(Stored entries)
(* Let $\mathcal{K}=\mathbb{F}_q((t))$, $\mathcal{O}=\mathbb{F}_q[[t]]$, $G=PGL(2,\mathcal{K})$, and fix an integer $k\ge 1$. Let $I^0=\left\{\begin{pmatrix}1+ta & b\\ tc & 1+td\end{pmatrix} : a,b,c,d\in\mathcal{O}\right\}$, let $A\subset G$ be the subgroup generated by $I^0$ and $\sigma=\begin{pmatrix}0&1\\ t&0\end{pmatrix}$, let $\psi:\mathbb{F}_q\to\mathbb{C}^\times$ be a nontrivial additive character and let $\chi:A\to\mathbb{C}^\times$ be the character given on $I^0$ by $\chi\left(\begin{pmatrix}1+ta & b\\ tc & 1+td\end{pmatrix}\right)=\psi(b_0+c_0)$ and with $\chi(\sigma)=1$. Let the group $1+t^k\mathcal{O}$ act on $G$ on the left by $g\mapsto\begin{pmatrix}z&0\\0&1\end{pmatrix}g$, and $A$ act on the right by multiplication. Call a $(1+t^k\mathcal{O})\times A$-orbit in $G$ relevant if it supports a nonzero function $f$ with $f\left(\begin{pmatrix}z&0\\0&1\end{pmatrix}g\,a\right)=\chi(a)f(g)$ for all $z\in 1+t^k\mathcal{O}$, $a\in A$. For each $n\in\mathbb{Z}$ let $R_{n,k}$ be the set of matrices $$\begin{pmatrix}a_nt^n & b_{n-k+1}t^{n-k+1}+\dots+b_{n-1}t^{n-1}\\ 0&1\end{pmatrix},\qquad a_n\in\mathbb{F}_q^\times,\ b_i\in\mathbb{F}_q,$$ and let $R=\bigcup_{n\in\mathbb{Z}}R_{n,k}$. Then $R$ contains exactly one representative of every relevant $(1+t^k\mathcal{O})\times A$-orbit in $G$.
   Context: For $x\in\mathcal{O}$, $x_i$ denotes the coefficient of $t^i$ in $x$. *)

From HB Require Import structures.
From mathcomp Require Import all_boot all_order all_algebra all_field.
From mathcomp Require Import zify.
From Stdlib Require Import ClassicalEpsilon.
Set Implicit Arguments. Unset Strict Implicit. Unset Printing Implicit Defensive.
Import Order.TTheory GRing.Theory Num.Theory.
Local Open Scope ring_scope.

Section Laurent.
Variable F : finFieldType.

Exercise brief. In the lines above, find the word "From" and copy every line it occurs in.

Exercise solution.
From HB Require Import structures.
From mathcomp Require Import all_boot all_order all_algebra all_field.
From mathcomp Require Import zify.
From Stdlib Require Import ClassicalEpsilon.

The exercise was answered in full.